Вон – справа, у окошка – сидят двое. Один такой тупой-тупой и в телогрейке. А другой такой умный-умный и в коверкотовом пальто. И пожалуйста – никого не стыдятся, наливают и пьют. Закусывают и тут же опять наливают. Не выбегают в тамбур и не заламывают рук. Тупой-тупой выпьет, крякнет и говорит: "А! Хорошо пошла, курва!" А умный-умный выпьет и говорит: "Транс-цен-ден-тально!" И таким праздничным голосом! Тупой-тупой закусывает и говорит: "Заку-уска у нас сегодня – блеск! Закуска типа "я вас умоляю!"". А умный-умный жует и говорит: "Да-а-а… Транс-цен-ден-тально!.."

Поразительно! Я вошел в вагон и сижу, страдаю от мысли, за кого меня приняли – мавра или не мавра? плохо обо мне подумали, хорошо ли? А эти – пьют горячо и открыто, как венцы творения, пьют с сознанием собственного превосходства над миром… "Закуска типа "я вас умоляю"!"… Я, похмеляясь утром, прячусь от неба и земли, потому что это интимнее всякой интимности!.. До работы пью – прячусь. Во время работы пью – прячусь… а эти!! "Транс-цен-ден-тально!"

Мне очень вредит моя деликатность, она исковеркала мне мою юность. Мое детство и отрочество… Скорее так: скорее это не деликатность, а просто я безгранично расширил сферу интимного – и сколько раз это губило меня…

Вот сейчас я вам расскажу. Помню, лет десять тому назад я поселился в Орехово-Зуеве. К тому времени, как я поселился, в моей комнате уже жило четверо, я стал у них пятым. Мы жили душа в душу, и ссор не было никаких. Если кто-нибудь хотел пить портвейн, он вставал и говорил: "Ребята, я хочу пить портвейн". А все говорили: "Хорошо. Пей портвейн. Мы тоже будем с тобой пить портвейн". Если кого-нибудь тянуло на пиво, всех тоже тянуло на пиво.

Прекрасно. Но вдруг я стал замечать, что эти четверо как-то отстраняют меня от себя, как-то шепчутся, на меня глядя, как-то смотрят за мной, если я куда пойду. Странно мне было это и даже чуть тревожно… И на их физиономиях я читал ту же озабоченность и будто даже страх… "В чем дело? – терзался я, – отчего это так?"
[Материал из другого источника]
(* Let $\mathsf{COM}$ be a commitment scheme satisfying computational hiding, let $\mathsf{DS}$ be a digital signature scheme, and let $\mathcal{H}$ be a hash function family. Then the $1$-out-of-$n$ oblivious signature scheme $(1,n)\text{-}\mathsf{OS}_{\mathsf{Ours}}[\mathcal{H},\mathsf{COM},\mathsf{DS}]$ (described in the context) satisfies ambiguity.
   Context: A function is negligible in $\lambda$ if it is eventually smaller than $1/p(\lambda)$ for every polynomial $p$; PPT means probabilistic polynomial time. Commitment scheme $\mathsf{COM}=(\mathsf{KeyGen},\mathsf{Commit})$: $\mathsf{KeyGen}(1^\lambda)$ outputs a commitment key $\mathsf{ck}$ defining a message space, a randomness space $\Omega_{\mathsf{ck}}$ and a commitment space; $\mathsf{Commit}(\mathsf{ck},m;r)$ outputs a commitment $c$. Computational hiding: for every PPT $\mathsf{A}$, the quantity $\left|\Pr[b=b^*]-\tfrac12\right|$ is negligible in the experiment $\mathsf{ck}\leftarrow\mathsf{KeyGen}(1^\lambda)$, $(m_0,m_1,\mathsf{st})\leftarrow\mathsf{A}(\mathsf{ck})$, $b\leftarrow\{0,1\}$ uniformly, $c^*\leftarrow\mathsf{Commit}(\mathsf{ck},m_b)$ (with uniformly random randomness), $b^*\leftarrow\mathsf{A}(c^*,\mathsf{st})$. Digital signature scheme $\mathsf{DS}=(\mathsf{Setup},\mathsf{KeyGen},\mathsf{Sign},\mathsf{Verify})$ with the usual syntax: $\mathsf{Setup}(1^\lambda)\to\mathsf{pp}$, $\mathsf{KeyGen}(\mathsf{pp})\to(\mathsf{vk},\mathsf{sk})$, $\mathsf{Sign}(\mathsf{sk},m)\to\sigma$, $\mathsf{Verify}(\mathsf{vk},m,\sigma)\to\{0,1\}$. Hash family $\mathcal{H}=\{H_\lambda\}$ with $H_\lambda=\{H_{\lambda,i}:\{0,1\}^*\to\{0,1\}^\lambda\}_{i\in\mathcal{I}_\lambda}$. Merkle tree (for $n=2^k>1$, a list $M=(m_0,\dots,m_{n-1})$ and a hash $H$): leaf $i$ is labeled by the $k$-bit binary expansion $b_1\cdots b_k$ of $i$ and gets value $h_{b_1\cdots b_k}=H(m_i)$; each internal node $w_{b_1\cdots b_\ell}$ gets $h_{b_1\cdots b_\ell}=H(h_{b_1\cdots b_\ell 0}\,\|\,h_{b_1\cdots b_\ell 1})$; $\mathsf{root}=h_\epsilon=H(h_0\|h_1)$. $\mathsf{MerkleTree}^H(M)$ outputs $\mathsf{root}$ and the whole tree $\mathsf{tree}$. $\mathsf{MerklePath}^H(\mathsf{tree},i)$ outputs $\mathsf{path}=(h_{\bar b_1},h_{b_1\bar b_2},\dots,h_{b_1\cdots b_{k-1}\bar b_k})$ where $\bar b=1-b$. $\mathsf{RootReconstruct}^H(\mathsf{path},m,i)$ sets the leaf value $H(m)$ at position $b_1\cdots b_k$ and recomputes the values up the tree using the sibling values in $\mathsf{path}$, outputting the resulting root value. A $1$-out-of-$n$ oblivious signature scheme has algorithms $(\mathsf{Setup},\mathsf{KeyGen},\mathsf{U}_1,\mathsf{S}_2,\mathsf{U}_{\mathsf{Der}},\mathsf{Verify})$: $\mathsf{U}_1(\mathsf{vk},M,j)$ (user, $M$ a list of $n$ messages, $j\in\{0,\dots,n-1\}$) outputs a first message and state $(\mu,\mathsf{st})$ or $\bot$; $\mathsf{S}_2(\mathsf{vk},\mathsf{sk},M,\mu)$ (signer) outputs a second message $\rho$ or $\bot$; $\mathsf{U}_{\mathsf{Der}}(\mathsf{vk},\mathsf{st},\rho)$ outputs $(m,\sigma)$ or $\bot$; $\mathsf{Verify}(\mathsf{vk},m,\sigma)\in\{0,1\}$. Ambiguity: for every PPT $\mathsf{A}$, $\left|\Pr[b^*=b]-\tfrac12\right|$ is negligible in $\lambda$ in the experiment: $\mathsf{pp}\leftarrow\mathsf{Setup}(1^\lambda)$, $(\mathsf{vk},\mathsf{sk})\leftarrow\mathsf{KeyGen}(\mathsf{pp})$, $(M=(m_0,\dots,m_{n-1}),i_0,i_1,\mathsf{st}_{\mathsf{A}})\leftarrow\mathsf{A}(\mathsf{pp},\mathsf{vk},\mathsf{sk})$, $b\leftarrow\{0,1\}$ uniformly, $(\mu,\mathsf{st})\leftarrow\mathsf{U}_1(\mathsf{vk},M,i_b)$, $b^*\leftarrow\mathsf{A}(\mu,\mathsf{st}_{\mathsf{A}})$. The scheme $(1,n)\text{-}\mathsf{OS}_{\mathsf{Ours}}[\mathcal{H},\mathsf{COM},\mathsf{DS}]$ (with $n>1$ a power of $2$): - $\mathsf{Setup}(1^\lambda)$: $H\leftarrow H_\lambda$ uniformly, $\mathsf{ck}\leftarrow\mathsf{COM.KeyGen}(1^\lambda)$, $\mathsf{pp}^{\mathsf{DS}}\leftarrow\mathsf{DS.Setup}(1^\lambda)$; output $\mathsf{pp}=(H,\mathsf{ck},\mathsf{pp}^{\mathsf{DS}})$. - $\mathsf{KeyGen}(\mathsf{pp})$: $(\mathsf{vk},\mathsf{sk})\leftarrow\mathsf{DS.KeyGen}(\mathsf{pp}^{\mathsf{DS}})$. - $\mathsf{U}_1(\mathsf{vk},M=(m_0,\dots,m_{n-1}),j)$: if $m_t=m_{t'}$ for some $t\ne t'$, output $\bot$; else $r\leftarrow\Omega_{\mathsf{ck}}$ uniformly, $c\leftarrow\mathsf{COM.Commit}(\mathsf{ck},m_j;r)$, output $\mu=c$ and $\mathsf{st}=(M,c,r,j)$. - $\mathsf{S}_2(\mathsf{vk},\mathsf{sk},M,\mu=c)$: if $M$ has two equal entries at distinct positions, output $\bot$; else $(\mathsf{root},\mathsf{tree})\leftarrow\mathsf{MerkleTree}^H(M)$, output $\rho=\sigma^{\mathsf{DS}}\leftarrow\mathsf{DS.Sign}(\mathsf{sk},(\mathsf{root},c))$. - $\mathsf{U}_{\mathsf{Der}}(\mathsf{vk},\mathsf{st}=(M,c,r,j),\rho=\sigma^{\mathsf{DS}})$: $(\mathsf{root},\mathsf{tree})\leftarrow\mathsf{MerkleTree}^H(M)$, $\mathsf{path}\leftarrow\mathsf{MerklePath}^H(\mathsf{tree},j)$; if $\mathsf{DS.Verify}(\mathsf{vk},(\mathsf{root},c),\sigma^{\mathsf{DS}})=0$ output $\bot$; else output $(m_j,\sigma)$ with $\sigma=(\mathsf{root},c,\sigma^{\mathsf{DS}},\mathsf{path},j,r)$. - $\mathsf{Verify}(\mathsf{vk},m,\sigma=(\mathsf{root},c,\sigma^{\mathsf{DS}},\mathsf{path},j,r))$: output $1$ iff $\mathsf{root}=\mathsf{RootReconstruct}^H(\mathsf{path},m,j)$, $c=\mathsf{COM.Commit}(\mathsf{ck},m;r)$, and $\mathsf{DS.Verify}(\mathsf{vk},(\mathsf{root},c),\sigma^{\mathsf{DS}})=1$. *)

From HB Require Import structures.
From mathcomp Require Import all_boot all_order all_algebra.
Unset Implicit Arguments. Unset Strict Implicit. Unset Printing Implicit Defensive.
Import Order.TTheory GRing.Theory Num.Theory.
Local Open Scope ring_scope.

Definition distr (T : Type) := seq (rat * T).
Definition dret {T : Type} (x : T) : distr T := [:: (1, x)].
Definition dbind {A B : Type} (d : distr A) (f : A -> distr B) : distr B :=
  flatten [seq [seq (p.1 * q.1, q.2) | q <- f p.2] | p <- d].
(* uniform distribution over the entries of a (duplicate-free) list *)
Definition dunif_seq {T : Type} (s : seq T) : distr T :=
  [seq ((size s)%:R^-1, x) | x <- s].
Definition dunif (T : finType) : distr T := dunif_seq (enum T).
Definition prob {T : Type} (d : distr T) (E : T -> bool) : rat :=
  \sum_(p <- d | E p.2) p.1.
Definition is_distr {T : Type} (d : distr T) : bool :=
  all (fun p => 0 <= p.1) d && (\sum_(p <- d) p.1 == 1).

(* negligible functions: eventually below 1/p(lambda) for every polynomial p
   (with positive leading coefficient, i.e. eventually positive) *)
Definition negligible (f : nat -> rat) : Prop :=
  forall p : {poly rat}, 0 < lead_coef p ->
    exists N : nat, forall l : nat, (N <= l)%N -> `|f l| < (p.[l%:R])^-1.

Definition Alg (X Y : nat -> Type) := forall l : nat, X l -> distr (Y l).
Definition Fn (X Y : nat -> Type) := forall l : nat, X l -> Y l.

Definition valid_alg (X Y : nat -> Type) (f : Alg X Y) : Prop :=
  forall l x, is_distr (f l x).

(* Closure properties satisfied by the class of PPT algorithms (resp. of
   deterministic polynomial-time functions).  The theorem is stated for
   every class [Eff]/[EffF] with these properties; the genuine PPT class is
   one such class. *)
Definition EffClass := forall X Y : nat -> Type, Alg X Y -> Prop.
Definition EffFClass := forall X Y : nat -> Type, Fn X Y -> Prop.

Record ppt_closed (Eff : EffClass) (EffF : EffFClass) : Prop := {
  ef_id : forall X, EffF X X (fun _ x => x);
  ef_comp : forall X Y Z (f : Fn X Y) (g : Fn Y Z),
      EffF X Y f -> EffF Y Z g -> EffF X Z (fun l x => g l (f l x));
  ef_fst : forall X Y, EffF (fun l => X l * Y l)%type X (fun _ p => p.1);
  ef_snd : forall X Y, EffF (fun l => X l * Y l)%type Y (fun _ p => p.2);
  ef_pair : forall X Y Z (f : Fn X Y) (g : Fn X Z),
      EffF X Y f -> EffF X Z g ->
      EffF X (fun l => Y l * Z l)%type (fun l x => (f l x, g l x));
  ef_tt : forall X, EffF X (fun _ => unit) (fun _ _ => tt);
  ef_bool : forall X (b : bool), EffF X (fun _ => bool) (fun _ _ => b);
  ef_nil : forall X, EffF X (fun _ => seq bool) (fun _ _ => [::]);
  ef_some : forall X, EffF X (fun l => option (X l)) (fun _ x => Some x);
  ef_none : forall X Y, EffF X (fun l => option (Y l)) (fun _ _ => None);
  ef_if : forall X Y (c : Fn X (fun _ => bool)) (f g : Fn X Y),
      EffF X (fun _ => bool) c -> EffF X Y f -> EffF X Y g ->
      EffF X Y (fun l x => if c l x then f l x else g l x);
  ef_tnth : forall (T : nat -> Type) (n : nat),
      EffF (fun l => n.-tuple (T l) * 'I_n)%type T (fun _ p => tnth p.1 p.2);
  ef_uniq : forall n : nat,
      EffF (fun l => n.-tuple (seq bool)) (fun _ => bool) (fun _ M => uniq M);
  ef_ext : forall X Y (f g : Fn X Y),
      (forall l x, f l x = g l x) -> EffF X Y f -> EffF X Y g;
  e_ret : forall X Y (f : Fn X Y), EffF X Y f -> Eff X Y (fun l x => dret (f l x));
  e_pre : forall X Y Z (h : Fn X Y) (f : Alg Y Z),
      EffF X Y h -> Eff Y Z f -> Eff X Z (fun l x => f l (h l x));
  e_bind : forall X Y Z (f : Alg X Y) (g : Alg (fun l => X l * Y l)%type Z),
      Eff X Y f -> Eff (fun l => X l * Y l)%type Z g ->
      Eff X Z (fun l x => dbind (f l x) (fun y => g l (x, y)));
  e_coin : forall X, Eff X (fun _ => bool) (fun _ _ => dunif bool);
  e_ext : forall X Y (f g : Alg X Y),
      (forall l x, f l x = g l x) -> Eff X Y f -> Eff X Y g
}.
(* There exist a continuous map $f : \mathbb{R}^2 \to \mathbb{R}^2$ and a fixed point $p$ of $f$ such that $p$ has a neighborhood containing no periodic point of $f$ other than $p$, $\{p\}$ is not an isolated invariant set, and $i(f^n,p) = 2^n - 1$ for every $n \ge 1$ (in particular the sequence $\{i(f^n,p)\}_{n\ge1}$ is unbounded).
   Context: $i(g,p)$ is the fixed point index. $\{p\}$ is an isolated invariant set if there is a compact $N$ with $\{p\} = \mathrm{Inv}(f,N) \subset \mathrm{int}(N)$, where $\mathrm{Inv}(f,N)$ is the set of $x \in N$ admitting a sequence $(x_n)_{n\in\mathbb{Z}}\subset N$ with $x_0=x$, $f(x_n)=x_{n+1}$. *)

From Stdlib Require Import Reals List ZArith.
Open Scope R_scope.

Definition R2 : Type := (R * R)%type.

Definition add2 (x y : R2) : R2 := (fst x + fst y, snd x + snd y).
Definition sub2 (x y : R2) : R2 := (fst x - fst y, snd x - snd y).
Definition dist2 (x y : R2) : R :=
  sqrt ((fst x - fst y) ^ 2 + (snd x - snd y) ^ 2).

Definition continuous2 (f : R2 -> R2) : Prop :=
  forall x eps, 0 < eps -> exists delta, 0 < delta /\
    forall y, dist2 y x < delta -> dist2 (f y) (f x) < eps.

Definition iter2 (n : nat) (f : R2 -> R2) : R2 -> R2 := Nat.iter n f.

Definition open2 (U : R2 -> Prop) : Prop :=
  forall x, U x -> exists eps, 0 < eps /\ forall y, dist2 y x < eps -> U y.

Definition compact2 (K : R2 -> Prop) : Prop :=
  forall (I : Type) (U : I -> R2 -> Prop),
    (forall i, open2 (U i)) ->
    (forall x, K x -> exists i, U i x) ->
    exists l : list I, forall x, K x -> exists i, In i l /\ U i x.

Definition interior2 (N : R2 -> Prop) (x : R2) : Prop :=
  exists eps, 0 < eps /\ forall y, dist2 y x < eps -> N y.

Definition Inv (f : R2 -> R2) (N : R2 -> Prop) (x : R2) : Prop :=
  N x /\ exists xs : Z -> R2,
    xs 0%Z = x /\ (forall n, N (xs n)) /\ (forall n, f (xs n) = xs (n + 1)%Z).

Definition isolated_invariant_singleton (f : R2 -> R2) (p : R2) : Prop :=
  exists N : R2 -> Prop, compact2 N /\
    (forall x, Inv f N x <-> x = p) /\ interior2 N p.

Definition periodic_point (f : R2 -> R2) (x : R2) : Prop :=
  exists n : nat, (1 <= n)%nat /\ iter2 n f x = x.

(* oriented angle from vector a to vector b, in (-PI, PI] (atan2 of cross, dot) *)
Definition angle2 (a b : R2) : R :=
  let c := fst a * snd b - snd a * fst b in
  let d := fst a * fst b + snd a * snd b in
  if Rlt_dec 0 d then atan (c / d)
  else if Rlt_dec d 0 then
    (if Rle_dec 0 c then atan (c / d) + PI else atan (c / d) - PI)
  else if Rlt_dec 0 c then PI / 2
  else if Rlt_dec c 0 then - (PI / 2) else 0.

Fixpoint rsum (F : nat -> R) (n : nat) : R :=
  match n with O => 0 | S m => rsum F m + F m end.

(* winding number around 0 of a loop gamma : [0,1] -> R^2 \ {0}:
   for all sufficiently fine uniform partitions, the sum of the angle
   increments equals 2 PI k *)
Definition winding_number (gamma : R -> R2) (k : Z) : Prop :=
  exists N0 : nat, forall N : nat, (N0 <= N)%nat ->
    rsum (fun j => angle2 (gamma (INR j / INR N)) (gamma (INR (S j) / INR N))) N
    = 2 * PI * IZR k.

(* fixed point index i(g,p) = deg(id - g) at an isolated fixed point p,
   computed as the winding number of x - g x on small circles around p *)
Definition fixed_point_index (g : R2 -> R2) (p : R2) (k : Z) : Prop :=
  g p = p /\
  exists r0, 0 < r0 /\
    (forall x, dist2 x p <= r0 -> g x = x -> x = p) /\
    forall r, 0 < r -> r < r0 ->
      winding_number
        (fun t => let x := add2 p (r * cos (2 * PI * t), r * sin (2 * PI * t)) in
                  sub2 x (g x)) k.

From Stdlib Require Import Reals ZArith Lra Lia.
Open Scope R_scope.

(* In polar coordinates the map is [r e^{it} ↦ r H(t) e^{iΦ(t)}] (H is [radial],
   Φ is [Phi]), where Φ lifts a degree-2 circle map.  An arc around the angle 0 is forward invariant
   and the only periodic angles in it are the fixed angles 0 (where H = 1/2)
   and ±2 E0 (where H = 2), while orbits avoiding the arc only see H = 2.  So
   at a periodic angle the radial factor of [f^n] is 2^{-n} or 2^n, never 1,
   and the origin is the only periodic point.  The ray of angle 0 contracts to
   the origin, and so does a backward orbit ending on the ray of angle π,
   which gives full orbits in every neighbourhood of the origin.
   Finally [x - f^n x = r e^{it} (1 - H_n e^{i(Φ^n(t) - t)})]: besides the
   turn of [e^{it}], the second factor winds once around 0 at each of the
   2^n - 2 nonzero fixed angles of [Φ^n], where [H_n = 2^n > 1], and not at
   the angle 0, where [H_n < 1]; hence the index 2^n - 1. *)

Lemma PI_gt_2 : 2 < PI.
Proof. pose proof PI2_1; lra. Qed.

Lemma period_2PI_Z (P : R -> R) :
  (forall x k, P (x + 2 * INR k * PI) = P x) ->
  forall x k, P (x + 2 * PI * IZR k) = P x.
Proof.
  intros HP x k. destruct (Z_le_gt_dec 0 k) as [Hk|Hk].
  - rewrite <- (Z2Nat.id k Hk), <- INR_IZR_INZ.
    replace (x + 2 * PI * INR (Z.to_nat k)) with (x + 2 * INR (Z.to_nat k) * PI) by ring.
    apply HP.
  - rewrite <- (HP (x + 2 * PI * IZR k) (Z.to_nat (- k))).
    rewrite INR_IZR_INZ, Z2Nat.id, opp_IZR by lia. f_equal; ring.
Qed.

Lemma sin_period_Z x k : sin (x + 2 * PI * IZR k) = sin x.
Proof. exact (period_2PI_Z sin sin_period x k). Qed.

Lemma cos_period_Z x k : cos (x + 2 * PI * IZR k) = cos x.
Proof. exact (period_2PI_Z cos cos_period x k). Qed.

Lemma angle_reduce (x : R) :
  exists (k : Z) (v : R), x = v + 2 * PI * IZR k /\ - PI <= v < PI.
Proof.
  pose proof PI_RGT_0. set (k := up ((x - PI) / (2 * PI))).
  destruct (archimed ((x - PI) / (2 * PI))) as [H1 H2]. fold k in H1, H2.
  exists k, (x - 2 * PI * IZR k). split; [ring|].
  apply Rmult_lt_compat_l with (r := 2 * PI) in H1; [|lra].
  apply Rmult_le_compat_l with (r := 2 * PI) in H2; [|lra].
  replace (2 * PI * ((x - PI) / (2 * PI))) with (x - PI) in H1 by (field; lra).
  replace (2 * PI * (IZR k - (x - PI) / (2 * PI))) with (2 * PI * IZR k - (x - PI))
    in H2 by (field; lra).
  lra.
Qed.

Lemma cos_eq_1_period (p : R) : cos p = 1 -> exists k : Z, p = 2 * PI * IZR k.
Proof.
  intros Hp. destruct (angle_reduce p) as [k [v [-> Hv]]]. exists k.
  rewrite cos_period_Z in Hp. pose proof PI_RGT_0.
  enough (v = 0) by lra.
  destruct (Rtotal_order v 0) as [Hl|[He|Hg]]; auto.
  - assert (Hlt : cos (- v) < cos 0) by (apply cos_decreasing_1; lra).
    rewrite cos_neg, cos_0 in Hlt. lra.
  - assert (Hlt : cos v < cos 0) by (apply cos_decreasing_1; lra).
    rewrite cos_0 in Hlt. lra.
Qed.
И вот, наступил вечер, когда я понял, в чем дело и отчего это так. Я, помнится, в этот день даже и не вставал с постели: я выпил пива и затосковал. Просто: лежал и тосковал.

И вижу: все четверо потихоньку меня обсаживают – двое сели на стулья у изголовья, а двое в ногах. И смотрят мне в глаза, смотрят с упреком, смотрят с ожесточением людей, не могущих постигнуть какую-то заключенную во мне тайну… Не иначе, как что-то случилось…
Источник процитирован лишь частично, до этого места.